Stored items
Lemma mcs_And a b : X (And a b) <-> X a /\ X b.
Proof.
  split.
  - intros H. split; apply mcs_deriv; apply (deriv_taut1 (deriv_In H)); boolean_cases.
  - intros [Ha Hb]. apply mcs_deriv. apply (deriv_taut2 (deriv_In Ha) (deriv_In Hb)).
    boolean_cases.
Qed.

Lemma mcs_MP a b : X (Imp a b) -> X a -> X b.
Proof.
  intros Hab Ha. apply mcs_deriv. apply (deriv_taut2 (deriv_In Hab) (deriv_In Ha)).
  boolean_cases.
Qed.

Lemma mcs_Or a b : X (Or a b) -> X a \/ X b.
Proof.
  unfold Or. rewrite mcs_Neg, mcs_And, !mcs_Neg. tauto.
Qed.

End MaximalConsistent.

(* Sets containing every boxed formula: these get a reflexive point in the
   canonical model. *)
Definition all_boxes G : Prop := forall a, G (Box a).

(* a holds at every R1-successor. *)
Definition nec1 G a : Prop := forall psi, G (Box (Or a psi)).

(* a holds at every R2-successor. *)
Definition nec2 G a : Prop := forall chi, G (Box (And (Neg a) chi)).

Section Boxes.
Variable G : form P -> Prop.
Hypothesis G_mcs : maximal_consistent G.

Lemma box_congr a b : Thm (Iff a b) -> G (Box a) -> G (Box b).
Proof.
  intros T Ha. apply R_E, (mcs_Thm G_mcs) in T.
  apply (mcs_And G_mcs) in T. exact (mcs_MP G_mcs (proj1 T) Ha).
Qed.

Lemma box_Thm a : Thm a -> G (Box a) /\ G (Box (Neg a)).
Proof. intros T. apply (mcs_And G_mcs), (mcs_Thm G_mcs), R_N, T. Qed.

Lemma box_CON a b :
  G (Box a) -> G (Box b) -> G (Box (And a b)) /\ G (Box (Or a b)).
Proof.
  intros Ha Hb. apply (mcs_And G_mcs). apply (mcs_MP G_mcs (mcs_Thm G_mcs (Ax_CON a b))).
  apply (mcs_And G_mcs); auto.
Qed.

Lemma box_DIS a b c : G (Box a) -> G (Box (Or a b)) \/ G (Box (And a c)).
Proof.
  intros Ha. apply (mcs_Or G_mcs). exact (mcs_MP G_mcs (mcs_Thm G_mcs (Ax_DIS a b c)) Ha).
Qed.

Lemma nec1_filter : deductive_filter (nec1 G).
Proof.
  split.
  - intros a T psi. assert (T' : Thm (Or a psi)) by (apply (Thm_taut1 T); boolean_cases).
    exact (proj1 (box_Thm T')).
  - intros a b Ha T psi. apply (box_congr (a := Or a (Or b psi))); [|apply Ha].
    apply (Thm_taut1 T). boolean_cases.
  - intros a b Ha Hb psi. destruct (box_CON (Ha psi) (Hb psi)) as [H _].
    refine (box_congr _ H). apply Ax_taut. boolean_cases.
Qed.

Lemma nec2_filter : deductive_filter (nec2 G).
Proof.
  split.
  - intros a T chi. assert (T' : Thm (Neg (And (Neg a) chi))).
    { apply (Thm_taut1 T). boolean_cases. }
    apply (box_congr (a := Neg (Neg (And (Neg a) chi)))); [|exact (proj2 (box_Thm T'))].
    apply Ax_taut. boolean_cases.
  - intros a b Ha T chi. apply (box_congr (a := And (Neg a) (And (Neg b) chi))); [|apply Ha].
    apply (Thm_taut1 T). boolean_cases.
  - intros a b Ha Hb chi. destruct (box_CON (Ha chi) (Hb chi)) as [_ H].
    refine (box_congr _ H). apply Ax_taut. boolean_cases.
Qed.

(* Each box is witnessed on one side (axiom DIS). *)
Lemma box_nec_split a : G (Box a) -> nec1 G a \/ nec2 G (Neg a).
Proof.
  intros Ha. destruct (classic (nec1 G a)) as [H|H]; [left; exact H|right].
  apply not_all_ex_not in H. destruct H as [psi Hpsi]. intros chi.
  destruct (box_DIS psi chi Ha) as [H|H]; [contradiction|].
  refine (box_congr _ H). apply Ax_taut. boolean_cases.
Qed.

Lemma nec1_box a : nec1 G a -> G (Box a).
Proof. intros H. refine (box_congr _ (H a)). apply Ax_taut. boolean_cases. Qed.

Lemma nec2_box a : nec2 G (Neg a) -> G (Box a).
Proof. intros H. refine (box_congr _ (H a)). apply Ax_taut. boolean_cases. Qed.

Lemma nec1_falsum : nec1 G (falsum p0) -> all_boxes G.
Proof. intros H psi. refine (box_congr _ (H psi)). apply Ax_taut. boolean_cases. Qed.

Lemma nec2_falsum : nec2 G (falsum p0) -> all_boxes G.
Proof. intros H psi. refine (box_congr _ (H psi)). apply Ax_taut. boolean_cases. Qed.

End Boxes.

Lemma filter_consistent Q : deductive_filter Q -> ~ Q (falsum p0) -> consistent Q.
Proof. intros HQ Hbot Hd. exact (Hbot (filter_deriv HQ Hd)). Qed.

Lemma filter_witness Q a :
  deductive_filter Q -> ~ Q (Neg a) ->
  exists T, maximal_consistent T /\ sub Q T /\ T a.
Proof.
  intros HQ Hna.
  assert (Hc : consistent (extend Q a)).
  { intros Hd. apply Hna, (filter_deriv HQ). apply (deriv_taut1 (deduction Hd)).
    boolean_cases. }
  destruct (lindenbaum Hc) as [T [HT Hsub]].
  exists T. split; [exact HT|split].
  - intros g Hg. apply Hsub. left; exact Hg.
  - apply Hsub. right; reflexivity.
Qed.

Definition state : Type := {X : form P -> Prop | maximal_consistent X}.

Definition canon_rel (nec : (form P -> Prop) -> form P -> Prop) (s t : state) : Prop :=
  (all_boxes (proj1_sig s) /\ t = s) \/
  (~ all_boxes (proj1_sig s) /\ sub (nec (proj1_sig s)) (proj1_sig t)).

Definition canonical_model : model P state :=
  Model (canon_rel nec1) (canon_rel nec2) (fun p s => proj1_sig s (Var p)).

Lemma canon_rel_serial (nec : (form P -> Prop) -> form P -> Prop) :
  (forall G, maximal_consistent G -> deductive_filter (nec G)) ->
  (forall G, maximal_consistent G -> nec G (falsum p0) -> all_boxes G) ->
  serial (canon_rel nec).
Proof.
  intros Hfilter Hbot [G HG]. destruct (classic (all_boxes G)) as [Hab|Hab].
  - exists (exist _ G HG). left. split; [exact Hab|reflexivity].
  - assert (Hc : consistent (nec G)).
    { apply (filter_consistent (Hfilter G HG)). intros H. apply Hab, (Hbot G HG H). }
    destruct (lindenbaum Hc) as [T [HT Hsub]].
    exists (exist _ T HT). right. split; assumption.
Qed.

Lemma truth_Box a :
  (forall t : state, sat canonical_model t a <-> proj1_sig t a) ->
  forall s : state, sat canonical_model s (Box a) <-> proj1_sig s (Box a).
Proof.
  intros IH [G HG]. cbn [sat canonical_model R1 R2 proj1_sig]. unfold canon_rel; simpl.
  destruct (classic (all_boxes G)) as [Hab|Hab].
  - split; intros H; [apply Hab|].
    destruct (classic (G a)) as [Ha|Ha]; [left|right];
      intros t [[_ ->]|[Hn _]]; try contradiction; rewrite IH; exact Ha.
  - split.
    + intros [H1|H2]; apply NNPP; intros Hn.
      * destruct (filter_witness (a := Neg a) (nec1_filter HG)) as [T [HT [Hsub Ta]]].
        { intros Hnn. apply Hn, (nec1_box HG), (filter_up (nec1_filter HG) Hnn).
          apply Ax_taut. boolean_cases. }
        apply (mcs_Neg HT) in Ta. apply Ta, (IH (exist _ T HT)), H1.
        right. split; assumption.
      * destruct (filter_witness (a := a) (nec2_filter HG)) as [T [HT [Hsub Ta]]].
        { intros Hna. apply Hn, (nec2_box HG Hna). }
        apply (H2 (exist _ T HT)); [right; split; assumption|].
        apply (IH (exist _ T HT)), Ta.
    + intros HB. destruct (box_nec_split HG HB) as [H|H]; [left|right];
        intros [T HT] [[Hn _]|[_ Hsub]]; try contradiction; rewrite IH; simpl.
      * apply Hsub, H.
      * apply (mcs_Neg HT), Hsub, H.
Qed.

Theorem truth_lemma f : forall s : state, sat canonical_model s f <-> proj1_sig s f.
Proof.
  induction f as [p|a IH|a IHa b IHb|a IH]; intros s.
  - reflexivity.
  - simpl. rewrite IH. symmetry. apply mcs_Neg, (proj2_sig s).
  - simpl. rewrite IHa, IHb. symmetry. apply mcs_And, (proj2_sig s).
  - apply truth_Box, IH.
Qed.

Theorem completeness (Gamma : form P -> Prop) phi :
  serial_consequence Gamma phi -> deriv Gamma phi.
Proof.
  intros Hcons. apply NNPP. intros Hn.
  assert (Hc : consistent (extend Gamma (Neg phi))).
  { intros Hd. apply Hn, (deriv_taut1 (deduction Hd)). boolean_cases. }
  destruct (lindenbaum Hc) as [T [HT Hsub]].
  assert (Hphi : T phi).
  { apply (truth_lemma phi (exist _ T HT)), Hcons.
    - apply canon_rel_serial; [exact nec1_filter|exact nec1_falsum].
    - apply canon_rel_serial; [exact nec2_filter|exact nec2_falsum].
    - intros g Hg. apply (truth_lemma g (exist _ T HT)), Hsub. left; exact Hg. }
  exact (proj1 (mcs_Neg HT phi) (Hsub _ (or_intror eq_refl)) Hphi).
Qed.

End Canonical.

Theorem theorem6 (P : Type) (HP : inhabited P)
  (Gamma : form P -> Prop) (phi : form P) :
  deriv Gamma phi <-> serial_consequence Gamma phi.
Proof.
  destruct HP as [p0]. split.
  - apply soundness.
  - apply (completeness p0).
Qed.
Lemma sum_vonMangoldt_dvd n : (0 < n)%N ->
  sum_n_m (fun d => if d %| n then vonMangoldt d else 0) 1 n = ln (INR n).
Proof.
elim/ltn_ind: n => n IH hn; case: (leqP n 1) => hn1.
  have -> : n = 1%N by lia.
  by rewrite sum_n_n dvdnn vonMangoldt_1 ln_1.
set p := pdiv n; set m := n %/ p.
have pp : prime p by apply: pdiv_prime.
have hnpm : n = (p * m)%N by rewrite /m mulnC divnK // pdiv_dvd.
have hp0 := prime_gt0 pp.
have hm0 : (0 < m)%N by move: hn; rewrite hnpm muln_gt0 => /andP [].
have hmn : (m < n)%N by have := prime_gt1 pp; rewrite hnpm; nia.
have hq : (0 < p ^ (logn p m).+1 <= n)%N.
  rewrite expn_gt0 hp0 /=; apply: dvdn_leq => //.
  by rewrite hnpm pfactor_dvdn ?muln_gt0 ?hp0 ?hm0 // lognM // (logn_prime _ pp) eqxx.
rewrite hnpm in hq *.
rewrite (sum_n_m_ext_loc _ (fun d => (if d %| m then vonMangoldt d else 0) +
  (if d == (p ^ (logn p m).+1)%N then ln (INR p) else 0))); last first.
  by move=> d hd; apply: vonMangoldt_dvd_mul_prime => //; lia.
rewrite sum_n_m_Rplus sum_n_m_1_single // (sum_n_m_1_support _ m).
- by rewrite IH // mult_INR ln_mult; [lra | exact: INR_gt0..].
- by rewrite -hnpm; lia.
- by move=> d hd; case: ifP => // /(dvdn_leq hm0); lia.
Qed.

(** * Dirichlet convolution and the series of [Λ(n) / n^s] *)

Lemma sum_dirichlet_conv (a b : nat -> R) X :
  sum_n_m (fun n => sum_n_m (fun d => if d %| n then a d * b (n %/ d) else 0) 1 n) 1 X =
  sum_n_m (fun d => a d * sum_n_m b 1 (X %/ d)) 1 X.
Proof.
elim: X => [|X IH]; first by rewrite !sum_n_m_1_0.
have step : forall d : nat, (1 <= d)%coq_nat /\ (d <= X)%coq_nat ->
    a d * sum_n_m b 1 (X.+1 %/ d) =
    a d * sum_n_m b 1 (X %/ d) + (if d %| X.+1 then a d * b (X.+1 %/ d) else 0).
  move=> d hd; rewrite divnS; last lia.
  by case: (d %| X.+1); rewrite ?add1n ?add0n ?sum_n_m_1_S; ring.
rewrite !sum_n_m_1_S IH (sum_n_m_ext_loc _ _ _ _ step) sum_n_m_Rplus.
by rewrite dvdnn divnn /= sum_n_n; ring.
Qed.

Lemma sum_lnterm_conv s X :
  sum_n_m (lnterm s) 1 X =
  sum_n_m (fun d => vonMangoldt d * nterm s d * sum_n_m (nterm s) 1 (X %/ d)) 1 X.
Proof.
rewrite -sum_dirichlet_conv; apply: sum_n_m_ext_loc => n hn.
rewrite /lnterm -sum_vonMangoldt_dvd; last lia.
rewrite -sum_n_m_Rmult_r; apply: sum_n_m_ext_loc => d hd.
case hdn: (d %| n) => /=; last ring.
have hdn' : (d * (n %/ d))%N = n by rewrite mulnC divnK.
have hd0 : (0 < d)%N by lia.
rewrite Rmult_assoc -nterm_mul ?hdn' // divn_gt0 //.
by apply: dvdn_leq => //; lia.
Qed.

Lemma sum_dirichlet_conv_le (a b : nat -> R) B X :
  (forall n, 0 <= a n) -> (forall N, sum_n_m b 1 N <= B) ->
  sum_n_m (fun d => a d * sum_n_m b 1 (X %/ d)) 1 X <= sum_n_m a 1 X * B.
Proof.
move=> a_ge0 b_le; rewrite -sum_n_m_Rmult_r; apply: sum_n_m_1_le => d _.
by apply: Rmult_le_compat_l; [exact: a_ge0 | exact: b_le].
Qed.

Lemma sum_dirichlet_conv_ge (a b : nat -> R) X Y :
  (forall n, 0 <= a n) -> (forall n, 0 <= b n) ->
  sum_n_m a 1 Y * sum_n_m b 1 X.+1 <=
  sum_n_m (fun d => a d * sum_n_m b 1 (X.+1 * Y %/ d)) 1 (X.+1 * Y).
Proof.
move=> a_ge0 b_ge0.
have b_mono : forall M N, (M <= N)%N -> sum_n_m b 1 M <= sum_n_m b 1 N.
  by move=> M N; exact: sum_n_m_1_mono.
apply: (Rle_trans _ (sum_n_m (fun d => a d * sum_n_m b 1 (X.+1 * Y %/ d)) 1 Y)).
  rewrite -sum_n_m_Rmult_r; apply: sum_n_m_1_le => d hd.
  apply: Rmult_le_compat_l; first exact: a_ge0.
  by apply: b_mono; rewrite leq_divRL; [nia | lia].
apply: sum_n_m_1_mono => [d|]; last nia.
apply: Rmult_le_pos => //; rewrite -(sum_n_m_1_0 b); exact: b_mono.
Qed.

(* The bounds [C_X <= A_X B] and [A_Y B_X <= C_{XY}] on the partial sums [C_X] of the
   Dirichlet convolution squeeze the partial sums [A_Y] of [a]. *)
Lemma is_lim_dirichlet_div (a b : nat -> R) (B C : R) :
  (forall n, 0 <= a n) -> (forall n, 0 <= b n) -> 0 < B ->
  is_lim_seq (sum_n_m b 1) B ->
  is_lim_seq (fun X => sum_n_m (fun d => a d * sum_n_m b 1 (X %/ d)) 1 X) C ->
  is_lim_seq (sum_n_m a 1) (C / B).
Proof.
move=> a_ge0 b_ge0 hB limB limC.
set A := sum_n_m a 1; set Bp := sum_n_m b 1.
set Cp := fun X => sum_n_m (fun d => a d * Bp (X %/ d)) 1 X.
have A_incr : forall N, A N <= A N.+1 by move=> N; exact: sum_n_m_1_mono.
have Bp_le : forall N, Bp N <= B.
  by apply: (is_lim_seq_incr_compare _ _ limB) => N; exact: sum_n_m_1_mono.
have AB_le : forall Y, A Y * B <= C.
  move=> Y; apply: (Rle_trans _ (A Y.+1 * B)).
    by apply: Rmult_le_compat_r; [lra | exact: A_incr].
  apply: (is_lim_seq_le (fun X => A Y.+1 * Bp X.+1) (fun X => Cp (X.+1 * Y.+1)%N)
    (A Y.+1 * B) C) => [X||].
  - exact: sum_dirichlet_conv_ge.
  - exact: (is_lim_seq_scal_l _ (A Y.+1) B (iffLR (is_lim_seq_incr_1 Bp B) limB)).
  - by apply: (is_lim_seq_subseq Cp) => // P [N hN]; exists N => n hn; apply: hN; nia.
have [L limL] : ex_finite_lim_seq A.
  apply: (ex_finite_lim_seq_incr _ (C / B) A_incr) => N.
  by apply/Rle_div_r => //; exact: AB_le.
have A_le_L := is_lim_seq_incr_compare _ _ limL A_incr.
have LB_le : L * B <= C.
  by apply: (is_lim_seq_le (fun Y => A Y * B) (fun _ => C) (L * B) C) => //;
    [exact: (is_lim_seq_scal_r A B L) | exact: is_lim_seq_const].
have C_le : C <= L * B.
  apply: (is_lim_seq_le Cp (fun _ => L * B) C (L * B)) => // [X|].
    apply: (Rle_trans _ _ _ (sum_dirichlet_conv_le _ _ _ _ a_ge0 Bp_le)).
    by apply: Rmult_le_compat_r; [lra | exact: A_le_L].
  exact: is_lim_seq_const.
by have -> : C / B = L by field_simplify_eq; lra.
Qed.

Lemma is_lim_zeta s : 1 < s -> is_lim_seq (sum_n_m (nterm s) 1) (zeta s).
Proof. by move=> hs; apply/is_series_S_iff/Series_correct/ex_series_nterm. Qed.

Lemma zeta_ge1 s : 1 < s -> 1 <= zeta s.
Proof.
move=> hs; rewrite -(nterm_1 s) -(sum_n_n (nterm s) 1).
apply: (is_lim_seq_incr_compare _ _ (is_lim_zeta s hs)) => N.
by apply: sum_n_m_1_mono => // n; exact/Rlt_le/nterm_gt0.
Qed.

Lemma is_series_vonMangoldt s : 1 < s ->
  is_series (fun n => vonMangoldt n.+1 * nterm s n.+1)
    (Series (fun n => lnterm s n.+1) / zeta s).
Proof.
move=> hs; apply/(is_series_S_iff (fun d => vonMangoldt d * nterm s d)).
apply: is_lim_dirichlet_div.
- by move=> n; apply: Rmult_le_pos; [exact: vonMangoldt_ge0 | exact/Rlt_le/nterm_gt0].
- by move=> n; exact/Rlt_le/nterm_gt0.
- by have := zeta_ge1 s hs; lra.
- exact: is_lim_zeta.
apply: (is_lim_seq_ext (sum_n_m (lnterm s) 1)); first exact: sum_lnterm_conv.
exact/is_series_S_iff/Series_correct/ex_series_lnterm.
Qed.

(** * The alternating series [Σ (-1)^n ln n / n^s] *)

Lemma sum_alternating_ge (f : nat -> R) N :
  (forall n, (7 <= n)%N -> f n.+1 <= f n) -> (3 <= N)%N ->
  - f 1%N + f 2%N - f 3%N + f 4%N - f 5%N + f 6%N - f 7%N + f (2 * N).+1 <=
  2 * sum_n_m (fun k => f (2 * k)%N) 1 N - sum_n_m f 1 (2 * N).
Proof.
move=> f_decr; elim: N => [|N IH] // hN.
case: (ltngtP N 2) => [hN2|hN2|->]; first lia; last first.
  by rewrite !sum_n_m_1_S !sum_n_m_1_0 /muln /=; lra.
rewrite sum_n_m_1_S (_ : (2 * N.+1)%N = (2 * N).+2); last lia.
by rewrite !sum_n_m_1_S; have := IH hN2; have := f_decr (2 * N).+2 ltac:(lia); lra.
Qed.

Lemma lnterm_double s k : (0 < k)%N ->
  Rpower 2 s * lnterm s (2 * k) = ln 2 * nterm s k + lnterm s k.
Proof.
move=> hk; have INR2 : INR 2 = 2 by rewrite /=; lra.
have h2 : Rpower 2 s * nterm s 2 = 1.
  by rewrite /nterm INR2 Rinv_r //; have := exp_pos (s * ln 2); rewrite /Rpower; lra.
rewrite /lnterm nterm_mul // mult_INR ln_mult; try exact: INR_gt0.
by rewrite INR2 -[RHS]Rmult_1_l -h2; ring.
Qed.

(* [ln] grows by at most [1 / x <= ln x / x] from [x] to [x + 1] once [x >= e], while
   [(x + 1)^s >= x^s (x + 1) / x] for [s >= 1]. *)
Lemma lnterm_antitone s n : 1 <= s -> (3 <= n)%N -> lnterm s n.+1 <= lnterm s n.
Proof.
move=> hs hn; rewrite /lnterm /nterm S_INR; set x := INR n.
have hx : 3 <= x by rewrite /x (_ : 3 = INR 3); [apply: le_INR; lia | rewrite /=; lra].
set r := (x + 1) / x.
have hr : 1 <= r by rewrite /r; apply/Rle_div_r; lra.
have hxr : x + 1 = x * r by rewrite /r; field; lra.
have ln_x : 1 <= ln x.
  by rewrite -(ln_exp 1); apply: ln_le; [exact: exp_pos | have := exp_le_3; lra].
have ln_step : ln (x + 1) <= r * ln x.
  rewrite hxr ln_mult; try lra.
  have := ln_le_sub1 r ltac:(lra).
  have -> : r = 1 + / x by rewrite /r; field; lra.
  have : / x <= ln x * / x by rewrite -{1}(Rmult_1_l (/ x)); apply: Rmult_le_compat_r;
    [apply/Rlt_le/Rinv_0_lt_compat; lra | lra].
  nra.
have pow_step : r * Rpower x s <= Rpower (x + 1) s.
  rewrite hxr -Rpower_mult_distr; try lra.
  rewrite Rmult_comm; apply: Rmult_le_compat_l; first exact/Rlt_le/exp_pos.
  by rewrite -{1}(Rpower_1 r); [apply: Rle_Rpower | lra].
have hxs : 0 < Rpower x s by exact: exp_pos.
apply: (Rle_trans _ (r * ln x * / (r * Rpower x s))).
  apply: Rmult_le_compat => //; first by rewrite -ln_1; apply: ln_le; lra.
    by apply/Rlt_le/Rinv_0_lt_compat/exp_pos.
  by apply: Rinv_le_contravar => //; apply: Rmult_lt_0_compat; lra.
by apply: Req_le; field; lra.
Qed.

(** * Numerical bounds *)

Lemma Q_pow_le (a b c d : Z) (m n : nat) : (0 < b)%Z -> (0 < d)%Z ->
  (a ^ Z.of_nat m * d ^ Z.of_nat n <= c ^ Z.of_nat n * b ^ Z.of_nat m)%Z ->
  (IZR a / IZR b) ^ m <= (IZR c / IZR d) ^ n.
Proof.
move=> hb hd h; have bm := pow_lt _ m (IZR_lt _ _ hb); have dn := pow_lt _ n (IZR_lt _ _ hd).
have cross : IZR a ^ m * IZR d ^ n <= IZR c ^ n * IZR b ^ m.
  by rewrite !pow_IZR -!mult_IZR; apply: IZR_le; lia.
rewrite /Rdiv !Rpow_mult_distr !pow_inv.
rewrite (_ : IZR a ^ m * / IZR b ^ m = IZR a ^ m * IZR d ^ n * / (IZR b ^ m * IZR d ^ n));
  last by field; lra.
rewrite (_ : IZR c ^ n * / IZR d ^ n = IZR c ^ n * IZR b ^ m * / (IZR b ^ m * IZR d ^ n));
  last by field; lra.
by apply: Rmult_le_compat_r => //; apply/Rlt_le/Rinv_0_lt_compat; nra.
Qed.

What is required – Which lines of the entries above contain the string "last"? Copy each one.

Solved problem –
  (if d == (p ^ (logn p m).+1)%N then ln (INR p) else 0))); last first.
  move=> d hd; rewrite divnS; last lia.
rewrite /lnterm -sum_vonMangoldt_dvd; last lia.
case hdn: (d %| n) => /=; last ring.
apply: sum_n_m_1_mono => [d|]; last nia.
case: (ltngtP N 2) => [hN2|hN2|->]; first lia; last first.
rewrite sum_n_m_1_S (_ : (2 * N.+1)%N = (2 * N).+2); last lia.
  last by field; lra.
  last by field; lra.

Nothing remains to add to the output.